Exercise requirements - Look through the data below and show every line that includes "Prop".

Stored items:

════

(* Consider simultaneous two-player weighted congestion games with affine costs and uniform cost functions, where the player weights $w_1,w_2\ge 0$ (with $w_1+w_2>0$) are arbitrary. The price of anarchy (supremum over all weights and all instances, with respect to pure Nash equilibria) is equal to $1+2/\sqrt{3}\approx 2.155$, both for general congestion games and for network routing games. Moreover, for fixed weights the price of anarchy equals $1+2/\sqrt{3}$ when $w_1/w_2 = 1+\sqrt{3}$ and when $w_2/w_1 = 1+\sqrt{3}$.
   Context: A weighted two-player congestion game with affine costs consists of a finite set $R$ of resources, coefficients $\alpha_r,\beta_r \geq 0$ for each $r\in R$, two players $i=1,2$ with weights $w_i\ge 0$, and for each player $i$ a nonempty finite set $\mathcal{A}_i \subseteq 2^R$ of actions. For an action profile $A=(A_1,A_2)$ the load of $r$ is $x_r(A)=\sum_{j:\, r\in A_j} w_j$. With uniform costs, player $i$ pays $C_i(A)=\sum_{r\in A_i}(\alpha_r+\beta_r x_r(A))$. The social cost is $C(A)=C_1(A)+C_2(A)$. In a network routing game, $R$ is the arc set of a directed graph, player $i$ has a source $s_i$ and sink $t_i$, and $\mathcal{A}_i$ is the set of arc sets of directed $s_i$–$t_i$ paths. A profile $(A_1^*,A_2^* )$ is a (pure) Nash equilibrium if no player can lower her cost by unilaterally changing her action. The price of anarchy of an instance is the maximum over Nash equilibria $A$ of $C(A)/\min_{A'} C(A')$; the price of anarchy of a class is the supremum over all instances in the class (with positive optimal social cost). *)

From HB Require Import structures.
From mathcomp Require Import all_boot all_order all_algebra.
From mathcomp Require Import reals.
Set Implicit Arguments. Unset Strict Implicit. Unset Printing Implicit Defensive.
Import Order.TTheory GRing.Theory Num.Theory.
Local Open Scope ring_scope.

Record cgame (R : realType) := CGame {
  cg_res : finType;
  cg_alpha : cg_res -> R;
  cg_beta : cg_res -> R;
  cg_w1 : R;
  cg_w2 : R;
  cg_acts1 : {set {set cg_res}};
  cg_acts2 : {set {set cg_res}}
}.
Arguments cg_res {R} c.
Arguments cg_alpha {R} c _.
Arguments cg_beta {R} c _.
Arguments cg_w1 {R} c.
Arguments cg_w2 {R} c.
Arguments cg_acts1 {R} c.
Arguments cg_acts2 {R} c.

Section Games.
Variable R : realType.
Variable g : cgame R.

Definition valid : Prop :=
  (forall r, 0 <= cg_alpha g r) /\ (forall r, 0 <= cg_beta g r) /\
  0 <= cg_w1 g /\ 0 <= cg_w2 g /\ 0 < cg_w1 g + cg_w2 g /\
  cg_acts1 g != set0 /\ cg_acts2 g != set0.

Definition load (A1 A2 : {set cg_res g}) (r : cg_res g) : R :=
  (if r \in A1 then cg_w1 g else 0) + (if r \in A2 then cg_w2 g else 0).

Definition cost1 (A1 A2 : {set cg_res g}) : R :=
  \sum_(r in A1) (cg_alpha g r + cg_beta g r * load A1 A2 r).
Definition cost2 (A1 A2 : {set cg_res g}) : R :=
  \sum_(r in A2) (cg_alpha g r + cg_beta g r * load A1 A2 r).
Definition social (A1 A2 : {set cg_res g}) : R := cost1 A1 A2 + cost2 A1 A2.

Definition feasible (A1 A2 : {set cg_res g}) : Prop :=
  A1 \in cg_acts1 g /\ A2 \in cg_acts2 g.

Definition is_NE (A1 A2 : {set cg_res g}) : Prop :=
  feasible A1 A2 /\
  (forall B1, B1 \in cg_acts1 g -> cost1 A1 A2 <= cost1 B1 A2) /\
  (forall B2, B2 \in cg_acts2 g -> cost2 A1 A2 <= cost2 A1 B2).

Definition is_opt (B1 B2 : {set cg_res g}) : Prop :=
  feasible B1 B2 /\
  (forall C1 C2, feasible C1 C2 -> social B1 B2 <= social C1 C2).
End Games.
Arguments load {R} g A1 A2 r.
Arguments cost1 {R} g A1 A2.
Arguments cost2 {R} g A1 A2.
Arguments social {R} g A1 A2.
Arguments feasible {R} g A1 A2.
Arguments is_NE {R} g A1 A2.
Arguments is_opt {R} g B1 B2.
Arguments valid {R} g.

(* Directed (multi)graph with arcs = resources: tl e -> hd e.
   [walk tl hd u t p] : the arc sequence p is a directed walk from u to t. *)
Fixpoint walk (V T : finType) (tl hd : T -> V) (u t : V) (p : seq T) : bool :=
  match p with
  | [::] => u == t
  | e :: p' => (tl e == u) && walk tl hd (hd e) t p'
  end.

Definition is_st_path_set (V T : finType) (tl hd : T -> V) (s t : V)
    (P : {set T}) : Prop :=
  exists p : seq T, [&& walk tl hd s t p, uniq (s :: map hd p) &
                       P == [set e in p]].

Definition is_network (R : realType) (g : cgame R) : Prop :=
  exists (V : finType) (tl hd : cg_res g -> V) (s1 t1 s2 t2 : V),
    (forall P, P \in cg_acts1 g <-> is_st_path_set tl hd s1 t1 P) /\
    (forall P, P \in cg_acts2 g <-> is_st_path_set tl hd s2 t2 P).

Definition fixed_weights (R : realType) (w1 w2 : R) (g : cgame R) : Prop :=
  cg_w1 g = w1 /\ cg_w2 g = w2.

(* The price of anarchy of the class C (sup over valid instances in C with
   positive optimal social cost, and over their pure NE) equals rho:
   rho is an upper bound and is approached arbitrarily closely. *)
Definition poa_upper (R : realType) (C : cgame R -> Prop) (rho : R) : Prop :=
  forall g : cgame R, C g -> valid g ->
  forall A1 A2 B1 B2 : {set cg_res g},
    is_NE g A1 A2 -> is_opt g B1 B2 -> 0 < social g B1 B2 ->
    social g A1 A2 <= rho * social g B1 B2.

Definition poa_lower (R : realType) (C : cgame R -> Prop) (rho : R) : Prop :=
  forall eps : R, 0 < eps ->
  exists g : cgame R, C g /\ valid g /\
  exists A1 A2 B1 B2 : {set cg_res g},
    [/\ is_NE g A1 A2, is_opt g B1 B2, 0 < social g B1 B2 &
        (rho - eps) * social g B1 B2 < social g A1 A2].

Definition poa_eq (R : realType) (C : cgame R -> Prop) (rho : R) : Prop :=
  poa_upper C rho /\ poa_lower C rho.

From HB Require Import structures.
From mathcomp Require Import all_boot all_order all_algebra.
From mathcomp Require Import reals.
From mathcomp Require Import ring lra.
Set Implicit Arguments. Unset Strict Implicit. Unset Printing Implicit Defensive.
Import Order.TTheory GRing.Theory Num.Theory.
Local Open Scope ring_scope.

(* Upper bound: for w1 >= w2, add the two equilibrium conditions with weights
   rho w1 and w1 + w2. The resulting inequality splits over resources, and each
   resource term is affine in the cost coefficients of the resource: its
   constant part is nonnegative as soon as rho >= 2, and its linear part is a
   finite case check whose binding case is the quadratic form [poa_quad]. For
   rho = 1 + 2/sqrt 3 that form is a perfect square up to a positive factor.
   The case w1 < w2 follows by swapping the players.
   Lower bound: in the network with arcs S1->S2->M->T1, M->T2 and S2->T2->T1,
   player 1 routing from S1 to T1 and player 2 from S2 to T2, and weights with
   w1/w2 = 1 + sqrt 3, the equilibrium (P_lower, Q_zigzag) costs exactly rho
   times the optimum (P_upper, Q_direct). *)

Definition poa_quad {R : realType} (rho a b : R) : R :=
  (rho - 1) * b ^+ 2 + (rho - 3) * a * b + (rho - 2) * a ^+ 2.

Section ResourceGap.
Context {R : realType} (rho a b : R).

Definition wload (u v : bool) : R := (if u then a else 0) + (if v then b else 0).

Definition rcost (al be : R) (i : bool) (l : R) : R := if i then al + be * l else 0.

(* Contribution of one resource with costs al + be * load, used by (x1, x2) in
   the equilibrium and by (y1, y2) in the comparison profile. *)
Definition gap (al be : R) (x1 x2 y1 y2 : bool) : R :=
  let c i l := rcost al be i l in
  (a + b) * (rho * (c y1 (wload y1 y2) + c y2 (wload y1 y2))
             - (c x1 (wload x1 x2) + c x2 (wload x1 x2)))
  - rho * a * (c y1 (wload y1 x2) - c x1 (wload x1 x2))
  - (a + b) * (c y2 (wload x1 y2) - c x2 (wload x1 x2)).

Lemma gap_affine al be x1 x2 y1 y2 :
  gap al be x1 x2 y1 y2 = al * gap 1 0 x1 x2 y1 y2 + be * gap 0 1 x1 x2 y1 y2.
Proof. by case: x1; case: x2; case: y1; case: y2; rewrite /gap /rcost /wload /=; ring. Qed.

Lemma gap_const_ge0 x1 x2 y1 y2 : 2 <= rho -> 0 <= b <= a ->
  0 <= gap 1 0 x1 x2 y1 y2.
Proof.
move=> rho_ge2 /andP[b_ge0 b_le_a].
have h1 : 0 <= rho * b by apply: mulr_ge0; lra.
have h2 : 0 <= (rho - 1) * (a + b) by apply: mulr_ge0; lra.
have h3 : 0 <= (rho - 2) * a by apply: mulr_ge0; lra.
by case: x1; case: x2; case: y1; case: y2; rewrite /gap /rcost /wload /=; lra.
Qed.

Lemma gap_linear_ge0 x1 x2 y1 y2 : 2 <= rho -> 0 <= b <= a ->
  0 <= poa_quad rho a b -> 0 <= gap 0 1 x1 x2 y1 y2.
Proof.
rewrite /poa_quad => rho_ge2 /andP[b_ge0 b_le_a] quad_ge0.
have r2 : 0 <= rho - 2 by lra.
have a0 : 0 <= a by lra.
have r2aa := mulr_ge0 (mulr_ge0 r2 a0) a0.
have r2ab := mulr_ge0 (mulr_ge0 r2 a0) b_ge0.
have r2bb := mulr_ge0 (mulr_ge0 r2 b_ge0) b_ge0.
by case: x1; case: x2; case: y1; case: y2; rewrite /gap /rcost /wload /=; nra.
Qed.

Lemma gap_ge0 al be x1 x2 y1 y2 : 2 <= rho -> 0 <= b <= a ->
  0 <= poa_quad rho a b -> 0 <= al -> 0 <= be -> 0 <= gap al be x1 x2 y1 y2.
Proof.
move=> rho_ge2 ba quad al_ge0 be_ge0; rewrite gap_affine.
by rewrite addr_ge0 // mulr_ge0 // ?gap_const_ge0 ?gap_linear_ge0.
Qed.

End ResourceGap.

Section UpperBound.
Context {R : realType}.
Implicit Types (g : cgame R) (rho : R).

Lemma cost1E g (A1 A2 : {set cg_res g}) :
  cost1 g A1 A2 = \sum_r rcost (cg_alpha g r) (cg_beta g r) (r \in A1)
                            (wload (cg_w1 g) (cg_w2 g) (r \in A1) (r \in A2)).
Proof. exact: big_mkcond. Qed.

Lemma cost2E g (A1 A2 : {set cg_res g}) :
  cost2 g A1 A2 = \sum_r rcost (cg_alpha g r) (cg_beta g r) (r \in A2)
                            (wload (cg_w1 g) (cg_w2 g) (r \in A1) (r \in A2)).
Proof. exact: big_mkcond. Qed.

Lemma social_gapE rho g (A1 A2 B1 B2 : {set cg_res g}) :
  let a := cg_w1 g in let b := cg_w2 g in
  (a + b) * (rho * social g B1 B2 - social g A1 A2)
  - rho * a * (cost1 g B1 A2 - cost1 g A1 A2)
  - (a + b) * (cost2 g A1 B2 - cost2 g A1 A2)
  = \sum_r gap rho a b (cg_alpha g r) (cg_beta g r)
             (r \in A1) (r \in A2) (r \in B1) (r \in B2).
Proof.
rewrite /social !cost1E !cost2E /gap.
do 4! rewrite ?sumrB ?big_split -?mulr_sumr /=.
ring.
Qed.

Lemma social_NE_le_sorted rho g (A1 A2 B1 B2 : {set cg_res g}) :
  2 <= rho -> 0 <= poa_quad rho (cg_w1 g) (cg_w2 g) -> valid g ->
  cg_w2 g <= cg_w1 g -> is_NE g A1 A2 -> feasible g B1 B2 ->
  social g A1 A2 <= rho * social g B1 B2.
Proof.
move=> rho_ge2 quad [al_ge0 [be_ge0 [w1_ge0 [w2_ge0 [w_gt0 _]]]]] w21.
move=> [_ [NE1 NE2]] [B1_in B2_in].
move: (social_gapE rho A1 A2 B1 B2) => /= gapE.
set a := cg_w1 g in w1_ge0 w_gt0 w21 quad gapE *.
set b := cg_w2 g in w2_ge0 w_gt0 w21 quad gapE *.
have gap_sum_ge0 : 0 <= \sum_r gap rho a b (cg_alpha g r) (cg_beta g r)
                             (r \in A1) (r \in A2) (r \in B1) (r \in B2).
  by apply: sumr_ge0 => r _; apply: gap_ge0; rewrite ?w2_ge0.
have dev1 : 0 <= rho * a * (cost1 g B1 A2 - cost1 g A1 A2).
  by rewrite !mulr_ge0 ?subr_ge0 ?NE1 //; lra.
have dev2 : 0 <= (a + b) * (cost2 g A1 B2 - cost2 g A1 A2).
  by rewrite mulr_ge0 ?subr_ge0 ?NE2 //; lra.
have : 0 <= (a + b) * (rho * social g B1 B2 - social g A1 A2) by lra.
by rewrite pmulr_rge0 // subr_ge0.
Qed.

Definition swap_game g : cgame R :=
  CGame (cg_alpha g) (cg_beta g) (cg_w2 g) (cg_w1 g) (cg_acts2 g) (cg_acts1 g).

Lemma load_swap g A B r : load (swap_game g) A B r = load g B A r.
Proof. by rewrite /load /= addrC. Qed.

Lemma cost1_swap g A B : cost1 (swap_game g) A B = cost2 g B A.
Proof. by apply: eq_bigr => r _; rewrite load_swap. Qed.

Lemma cost2_swap g A B : cost2 (swap_game g) A B = cost1 g B A.
Proof. by apply: eq_bigr => r _; rewrite load_swap. Qed.

Lemma social_swap g A B : social (swap_game g) A B = social g B A.
Proof. by rewrite /social cost1_swap cost2_swap addrC. Qed.

Lemma valid_swap g : valid g -> valid (swap_game g).
Proof. by move=> [? [? [? [? [? [? ?]]]]]]; rewrite /valid /= addrC. Qed.

Lemma NE_swap g A B : is_NE g B A -> is_NE (swap_game g) A B.
Proof.
move=> [[B_in A_in] [NE1 NE2]]; split; first by split.
by split=> C C_in; rewrite ?cost1_swap ?cost2_swap; [apply: NE2 | apply: NE1].
Qed.

Lemma opt_swap g A B : is_opt g B A -> is_opt (swap_game g) A B.
Proof.
move=> [[B_in A_in] opt]; split; first by split.
by move=> C1 C2 [C1_in C2_in]; rewrite !social_swap; apply: opt.
Qed.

════

Answer space -
Definition valid : Prop :=
Definition feasible (A1 A2 : {set cg_res g}) : Prop :=
Definition is_NE (A1 A2 : {set cg_res g}) : Prop :=
Definition is_opt (B1 B2 : {set cg_res g}) : Prop :=
    (P : {set T}) : Prop :=
Definition is_network (R : realType) (g : cgame R) : Prop :=
Definition fixed_weights (R : realType) (w1 w2 : R) (g : cgame R) : Prop :=
Definition poa_upper (R : realType) (C : cgame R -> Prop) (rho : R) : Prop :=
Definition poa_lower (R : realType) (C : cgame R -> Prop) (rho : R) : Prop :=
Definition poa_eq (R : realType) (C : cgame R -> Prop) (rho : R) : Prop :=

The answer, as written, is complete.